To determine whether cell cycle was affected by MGDG or irradiation, MIAPaCa-2 cell cycle distribution was analyzed by flow cytometry. MGDG induced a slight increase in the G2/M fraction (29.9–36.2%) (Fig. 6a, b), while irradiation caused G2/M arrest (29.9–65.3%) (Fig. 6a, c). The cell cycle distribution following combination treatment was similar to that of irradiation alone (Fig. 6c, d). These results indicate that MGDG does not act synergistically with radiation to induce cell cycle arrest.

The effects of MGDG and radiation were assessed in a mouse xenograft model using MIAPaCa-2 cells.
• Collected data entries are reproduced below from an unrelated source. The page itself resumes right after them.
(* Writing [a = rho cos th] with [rho = |a + ib|], [cube_re a b = rho cos (3 th)], and
   [1 - cos (3 th) <= 9 (1 - cos th)]. *)
Lemma cube_re_bound a b s : Num.sqrt (a ^+ 2 + b ^+ 2) <= s -> s - cube_re a b <= 9 * (s - a).
Proof.
set rho := Num.sqrt _ => rho_le.
have rho_ge0 : 0 <= rho := sqrtr_ge0 _.
have rho2 : rho ^+ 2 = a ^+ 2 + b ^+ 2 by rewrite sqr_sqrtr // addr_ge0 ?sqr_ge0.
have [rho0|rho_neq0] := eqVneq rho 0.
  have [-> ->] : a = 0 /\ b = 0 by move: rho2; rewrite rho0 expr0n /=; split; nra.
  by rewrite cube_re_r0; lra.
have rho_gt0 : 0 < rho by rewrite lt_def rho_neq0.
have a_bd : -rho <= a <= rho by apply/andP; split; nra.
have cube_reE : cube_re a b * rho ^+ 2 = 4 * a ^+ 3 - 3 * a * rho ^+ 2.
  by rewrite /cube_re -rho2 divfK ?expf_neq0 // rho2; ring.
suff : 0 <= 9 * (s - a) * rho ^+ 2 - s * rho ^+ 2 + cube_re a b * rho ^+ 2.
  rewrite (_ : _ + _ = (9 * (s - a) - (s - cube_re a b)) * rho ^+ 2); last by ring.
  by rewrite pmulr_lge0 ?exprn_gt0 // subr_ge0.
rewrite cube_reE (_ : _ + _ = 8 * (s - rho) * rho ^+ 2 + 4 * (rho - a) ^+ 2 * (2 * rho + a)).
  by case/andP: a_bd => ? ?; rewrite addr_ge0 ?mulr_ge0 ?sqr_ge0 //; lra.
by ring.
Qed.

End CubeMap.

Section CubeMapVectors.
Context {R : realType} {m : nat}.
Implicit Types (t : R) (x y : 'rV[R]_m.+2).

Definition cubev x := set_plane x (cube_re (zre x) (zim x)) (cube_im (zre x) (zim x)).

Definition zabs x : R := Num.sqrt (zre x ^+ 2 + zim x ^+ 2).

Definition polarv x t := set_plane x (zabs x * cos t) (zabs x * sin t).

Lemma dotr_cubev x : dotr (cubev x) (cubev x) = dotr x x.
Proof. by rewrite dotr_set_plane cube_norm dotr_plane -!expr2. Qed.

Lemma cubevN x : cubev (- x) = - cubev x.
Proof. by rewrite /cubev zreN zimN cube_reN cube_imN set_planeN. Qed.

Lemma zabs2 x : zabs x ^+ 2 = zre x ^+ 2 + zim x ^+ 2.
Proof. by rewrite sqr_sqrtr // addr_ge0 ?sqr_ge0. Qed.

Lemma dotr_polarv x t : dotr (polarv x t) (polarv x t) = dotr x x.
Proof.
by rewrite dotr_set_plane !exprMn -mulrDr cos2Dsin2 mulr1 zabs2 dotr_plane -!expr2.
Qed.

Lemma cubev_polarv x t : cubev (polarv x t) = polarv x (3 * t).
Proof.
rewrite {1}/cubev {1 2}/polarv zre_set_plane zim_set_plane.
by rewrite cube_re_polar cube_im_polar set_plane_set_plane.
Qed.

Lemma polarv_surj x : exists2 t, -pi <= t <= pi & polarv x t = x.
Proof.
have [t t_bd [re_eq im_eq]] := polar_coord (zre x) (zim x).
by exists t => //; rewrite /polarv /zabs -re_eq -im_eq set_plane_id.
Qed.

Lemma dotr_polarv0 x t : dotr (polarv x t) (polarv x 0) =
  zabs x ^+ 2 * cos t + dotr (ztail x) (ztail x).
Proof.
by rewrite dotr_plane !zre_set_plane !zim_set_plane !ztail_set_plane cos0 sin0; ring.
Qed.

Lemma plane_tail_bound x y : dotr x x = 1 -> dotr y y = 1 ->
  Num.sqrt ((zre x * zre y + zim x * zim y) ^+ 2 + (zre x * zim y - zim x * zre y) ^+ 2)
  <= 1 - dotr (ztail x) (ztail y).
Proof.
move=> x1 y1.
have -> : (zre x * zre y + zim x * zim y) ^+ 2 + (zre x * zim y - zim x * zre y) ^+ 2
  = zabs x ^+ 2 * zabs y ^+ 2 by rewrite !zabs2; ring.
rewrite -exprMn sqrtr_sqr ger0_norm ?mulr_ge0 ?sqrtr_ge0 //.
have tail_sq z : dotr z z = 1 -> dotr (ztail z) (ztail z) = 1 - zabs z ^+ 2.
  by move=> z1; rewrite zabs2 -z1 dotr_plane; ring.
have CS := dotr_CauchySchwarz (ztail x) (ztail y).
rewrite !tail_sq // in CS.
have := dotr_ge0 (ztail x); have := dotr_ge0 (ztail y); rewrite !tail_sq //.
have := sqrtr_ge0 (zre x ^+ 2 + zim x ^+ 2); have := sqrtr_ge0 (zre y ^+ 2 + zim y ^+ 2).
rewrite -/(zabs x) -/(zabs y); set a := zabs x; set b := zabs y => b_ge0 a_ge0 b_le a_le.
have ab_le1 : a * b <= 1 by nra.
have : (1 - a ^+ 2) * (1 - b ^+ 2) <= (1 - a * b) ^+ 2 by have := sqr_ge0 (a - b); nra.
rewrite -/a -/b in CS; set r := dotr _ _ in CS * => ?; nra.
Qed.

Lemma cubev_dot_bound x y : dotr x x = 1 -> dotr y y = 1 ->
  1 - dotr (cubev x) (cubev y) <= 9 * (1 - dotr x y).
Proof.
move=> x1 y1; have := cube_re_bound _ _ _ (plane_tail_bound _ _ x1 y1).
rewrite !dotr_plane /cubev !zre_set_plane !zim_set_plane !ztail_set_plane cube_dot.
lra.
Qed.

End CubeMapVectors.

Section SphereMaps.
Context {R : realType} {m : nat}.
Local Notation S := (sphere R m.+1).
Implicit Types (t : R) (y z : S).

Definition cube y : S := exist _ (cubev (sval y)) (etrans (dotr_cubev _) (svalP y)).

Definition polar y t : S := exist _ (polarv (sval y) t) (etrans (dotr_polarv _ _) (svalP y)).

Lemma dS_cube_le y z : dS (cube y) (cube z) <= 8 * dS y z.
Proof.
apply: acos_le_8acos; rewrite ?sphere_dot_bound //.
exact: cubev_dot_bound (svalP y) (svalP z).
Qed.

Lemma cube_antipode y : cube (antipode y) = antipode (cube y).
Proof. by apply: sphere_val_inj; rewrite /= cubevN. Qed.

Lemma cube_polar y t : cube (polar y t) = polar y (3 * t).
Proof. by apply: sphere_val_inj; rewrite /= cubev_polarv. Qed.

Lemma polar_surj y : exists2 t, -pi <= t <= pi & polar y t = y.
Proof.
have [t t_bd polar_t] := polarv_surj (sval y).
by exists t => //; apply: sphere_val_inj.
Qed.

Lemma dS_polar0 y t : -pi <= t <= pi -> dS (polar y t) (polar y 0) <= `|t|.
Proof.
move=> t_bd; apply: acos_le; first exact: sphere_dot_bound.
  by rewrite normr_ge0 /=; case: (ler0P t) => ?; rewrite ?ler0_norm ?gtr0_norm //; lra.
have cos_abs : cos `|t| = cos t by case: (ler0P t) => ?; rewrite ?ler0_norm ?gtr0_norm ?cosN.
rewrite cos_abs /= dotr_polarv0.
have := svalP y; rewrite dotr_plane -!expr2 -zabs2 => y1.
have := dotr_ge0 (ztail (sval y)); have := cos_le1 t; have := sqr_ge0 (zabs (sval y)).
by nra.
Qed.

End SphereMaps.

Section CubeEigenfunction.
Context {R : realType} {m : nat}.
Local Notation S := (sphere R m.+1).
Implicit Types (h : S -> R) (k : R).

Lemma lip1_norm {h} : (forall y z, h y - h z <= dS y z) ->
  forall y z, `|h y - h z| <= dS y z.
Proof.
by move=> h_lip y z; rewrite ler_norml; have := h_lip y z; have := h_lip z y; rewrite dSC; lra.
Qed.

(* With [polar y t = y]: [h y = (-k)^j * h (polar y (t / 3^j))], and [h] vanishes at the fixed
   point [polar y 0] of [cube], whose distance to [polar y (t / 3^j)] is at most [pi / 3^j]. *)
Lemma cube_eigen_eq0_le1 h k y : (forall y z, h y - h z <= dS y z) ->
  0 <= k <= 1 -> (forall y, h (cube y) = - k * h y) -> h y = 0.
Proof.
move=> h_lip /andP[k_ge0 k_le1] h_cube; have [t t_bd polar_t] := polar_surj y.
have h_fixed : h (polar y 0) = 0.
  have := h_cube (polar y 0); rewrite cube_polar mulr0 => h_eq.
  have k1_gt0 : 0 < 1 + k by lra.
  by apply: (mulfI (lt0r_neq0 k1_gt0)); rewrite mulr0 mulrDl mul1r {1}h_eq; ring.
have h_iter j : h y = (- k) ^+ j * h (polar y (t / 3 ^+ j)).
  elim: j => [|j ->]; first by rewrite expr0 divr1 polar_t mul1r.
  have -> : t / 3 ^+ j = 3 * (t / 3 ^+ j.+1) by rewrite exprS; field.
  by rewrite -cube_polar h_cube (exprSr (- k)); ring.
have pi_gt0 := pi_gt0 R.
apply: (@norm_le_geometric_eq0 R (k / 3) pi); first by apply/andP; split; lra.
move=> j; have pow3_gt0 : 0 < 3 ^+ j :> R by rewrite exprn_gt0.
have pow3_ge1 : 1 <= 3 ^+ j :> R by rewrite exprn_ege1 // ler1n.
have tj_bd : -pi <= t / 3 ^+ j <= pi.
  by apply/andP; rewrite ler_pdivlMr ?ler_pdivrMr //; nra.
have := lip1_norm h_lip (polar y (t / 3 ^+ j)) (polar y 0); rewrite h_fixed subr0 => h_le.
have tj_le : `|t / 3 ^+ j| <= pi / 3 ^+ j.
  rewrite normrM normfV (gtr0_norm pow3_gt0) ler_pdivrMr // divfK ?gt_eqF //.
  by rewrite ler_norml.
rewrite (h_iter j) normrM normrX normrN (ger0_norm k_ge0) expr_div_n mulrCA.
by rewrite ler_wpM2l ?exprn_ge0 // (le_trans h_le) // (le_trans (dS_polar0 _ _ tj_bd)).
Qed.

Lemma cube_eigen_eq0_gt1 h k y : (forall y z, h y - h z <= dS y z) ->
  1 < k -> (forall y, h (cube y) = - k * h y) -> h y = 0.
Proof.
move=> h_lip k_gt1 h_cube; have k_gt0 : 0 < k := lt_trans ltr01 k_gt1.
have h_iter j : h (iter j cube y) = (- k) ^+ j * h y.
  by elim: j => [|j IH]; rewrite ?expr0 ?mul1r // iterS h_cube IH exprS mulrA.
apply: (@norm_le_geometric_eq0 R k^-1 (`|h y| + pi)).
  by rewrite invr_ge0 ltW //= invf_lt1.
move=> j; have := lip1_norm h_lip (iter j cube y) y; rewrite h_iter => h_le.
have := ler_normD ((- k) ^+ j * h y - h y) (h y); rewrite subrK.
rewrite normrM normrX normrN (gtr0_norm k_gt0) exprVn ler_pdivlMr ?exprn_gt0 //.
by have := dS_le_pi (iter j cube y) y; lra.
Qed.

Lemma cube_eigen_eq0 h k y : (forall y z, h y - h z <= dS y z) ->
  0 <= k -> (forall y, h (cube y) = - k * h y) -> h y = 0.
Proof.
move=> h_lip k_ge0 h_cube; have [k_le1|k_gt1] := lerP k 1.
  by apply: cube_eigen_eq0_le1 => //; rewrite k_ge0.
exact: cube_eigen_eq0_gt1 h_lip k_gt1 h_cube.
Qed.

End CubeEigenfunction.

Section BasePoints.
Context {R : realType} {m : nat}.
Local Notation S := (sphere R m.+1).

Definition north_vec : 'rV[R]_m.+2 := \row_i (i == ord0)%:R.

Fact north_subproof : dotr north_vec north_vec = 1.
Proof.
rewrite /dotr big_ord_recl big1 ?addr0 => [|i _]; first by rewrite !mxE mulr1.
by rewrite !mxE mul0r.
Qed.

Definition north : S := exist _ north_vec north_subproof.

Definition base : S := polar north 0.
Definition base' : S := polar north (pi *+ 2 / 3).

Lemma cube_base' : cube base' = cube base.
Proof.
rewrite !cube_polar mulr0 (_ : 3 * (pi *+ 2 / 3) = pi *+ 2); last by field.
by apply: sphere_val_inj; rewrite /= /polarv cos2pi sin2pi cos0 sin0.
Qed.

Lemma dS_base_base'_neq0 : dS base base' != 0.
Proof.
have pi_gt0 := pi_gt0 R.
have zabs1 : zabs north_vec = 1.
  by rewrite /zabs /zre /zim !mxE /= expr1n expr0n addr0 sqrtr1.
have tail0 : dotr (ztail north_vec) (ztail north_vec) = 0.
  by have := north_subproof; rewrite dotr_plane -!expr2 -zabs2 zabs1; lra.
rewrite dSC /dS /= dotr_polarv0 zabs1 tail0 expr1n mul1r addr0 cosK ?in_itv /=.
  by rewrite gt_eqF // divr_gt0 // mulrn_wgt0.
by apply/andP; split; rewrite -mulr_natr; lra.
Qed.

End BasePoints.

Section Contraction.
Context {R : realType} {m : nat}.
Local Notation S := (sphere R m.+1).
Implicit Types (a b c s t : R) (y z : S) (f g : S -> R).

Lemma antipodal_lip1_comb3 a b c f g k : 0 <= a -> 0 <= b -> 0 <= c -> a + b + c = 1 ->
  antipodal_lip1 f -> antipodal_lip1 g -> antipodal_lip1 k ->
  antipodal_lip1 (fun y => a * f y + b * g y + c * k y).
Proof.
move=> a_ge0 b_ge0 c_ge0 abc1 [f_lip f_anti] [g_lip g_anti] [k_lip k_anti]; split => [y z|y].
  have := ler_wpM2l a_ge0 (f_lip y z); have := ler_wpM2l b_ge0 (g_lip y z).
  have := ler_wpM2l c_ge0 (k_lip y z); rewrite !mulrBr => ? ? ?.
  have -> : dS y z = a * dS y z + b * dS y z + c * dS y z by rewrite -!mulrDl abc1 mul1r.
  lra.
transitivity (a * (f y + f (antipode y)) + b * (g y + g (antipode y))
  + c * (k y + k (antipode y))); first by ring.
by rewrite f_anti g_anti k_anti -!mulrDl abc1 mul1r.
Qed.

Definition shrink_cube f y := pi / 2 + (f (cube y) - pi / 2) / 8.

Lemma antipodal_lip1_shrink_cube {f} : antipodal_lip1 f -> antipodal_lip1 (shrink_cube f).
Proof.
case=> f_lip f_anti; split => [y z|y]; rewrite /shrink_cube.
  by have := f_lip (cube y) (cube z); have := dS_cube_le y z; lra.
by rewrite cube_antipode; have := f_anti (cube y); lra.
Qed.

(* The two straight-line segments [f ~> shrink_cube f ~> kur base], written as a single convex
   combination whose weights are 2-Lipschitz in [t]. *)
Definition weight_f t : R := if t <= 1 / 2 then 1 - 2 * t else 0.
Definition weight_base t : R := if t <= 1 / 2 then 0 else 2 * t - 1.

Definition homotopy t f y := weight_f t * f y
  + (1 - weight_f t - weight_base t) * shrink_cube f y + weight_base t * kur base y.

Lemma weights_ge0 t : 0 <= t <= 1 ->
  [/\ 0 <= weight_f t, 0 <= weight_base t & 0 <= 1 - weight_f t - weight_base t].
Proof. by case/andP=> *; rewrite /weight_f /weight_base; case: ifP => ?; split; lra. Qed.

Lemma weights_lip t s : `|weight_f t - weight_f s| <= 2 * `|t - s| /\
  `|weight_base t - weight_base s| <= 2 * `|t - s|.
Proof.
have := ler_norm (t - s); have := ler_norm (s - t); rewrite distrC => ? ?.
rewrite /weight_f /weight_base !ler_norml.
by case: (lerP t (1 / 2)) => ?; case: (lerP s (1 / 2)) => ?; split; apply/andP; split; lra.
Qed.

Lemma homotopy0 f : homotopy 0 f = f.
Proof.
have half_ge0 : (0 : R) <= 1 / 2 by lra.
by apply/funext => y; rewrite /homotopy /weight_f /weight_base half_ge0 /=; ring.
Qed.

Lemma homotopy1 f : homotopy 1 f = kur base.
Proof.
have half_lt1 : (1 <= 1 / 2 :> R) = false by apply/negbTE; rewrite -ltNge; lra.
by apply/funext => y; rewrite /homotopy /weight_f /weight_base half_lt1 /=; ring.
Qed.

Lemma antipodal_lip1_homotopy t f : 0 <= t <= 1 -> antipodal_lip1 f ->
  antipodal_lip1 (homotopy t f).
Proof.
move=> t_bd f_lip; have [wf_ge0 wb_ge0 w_ge0] := weights_ge0 _ t_bd.
apply: antipodal_lip1_comb3 => //; first by ring.
  exact: antipodal_lip1_shrink_cube.
exact: antipodal_lip1_kur.
Qed.

Lemma antipodal_lip1_exists_lt_pihalf g : antipodal_lip1 g ->
  (exists y, g y != pi / 2) -> exists y, g y < pi / 2.
Proof.
move=> [_ g_anti] [y gy_neq]; have [gy_lt|gy_gt] := ltrP (g y) (pi / 2); first by exists y.
exists (antipode y); have := g_anti y.
by rewrite le_eqVlt eq_sym (negbTE gy_neq) /= in gy_gt; lra.
Qed.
After 23 days, the tumor volumes were 7475.3 ± 986.1 mm³ (control), 7598.8 ± 1532.0 mm³ (MGDG), 5892.7 ± 1313.3 mm³ (radiation), and 2539.8 ± 552.7 mm³ (MGDG and radiation) (Fig. 7a, b). The tumor growth inhibitory effect was greater in mice receiving intratumoral injection of MGDG combined with irradiation as compared to either of these approaches alone (P < 0.05) (Fig. 7b).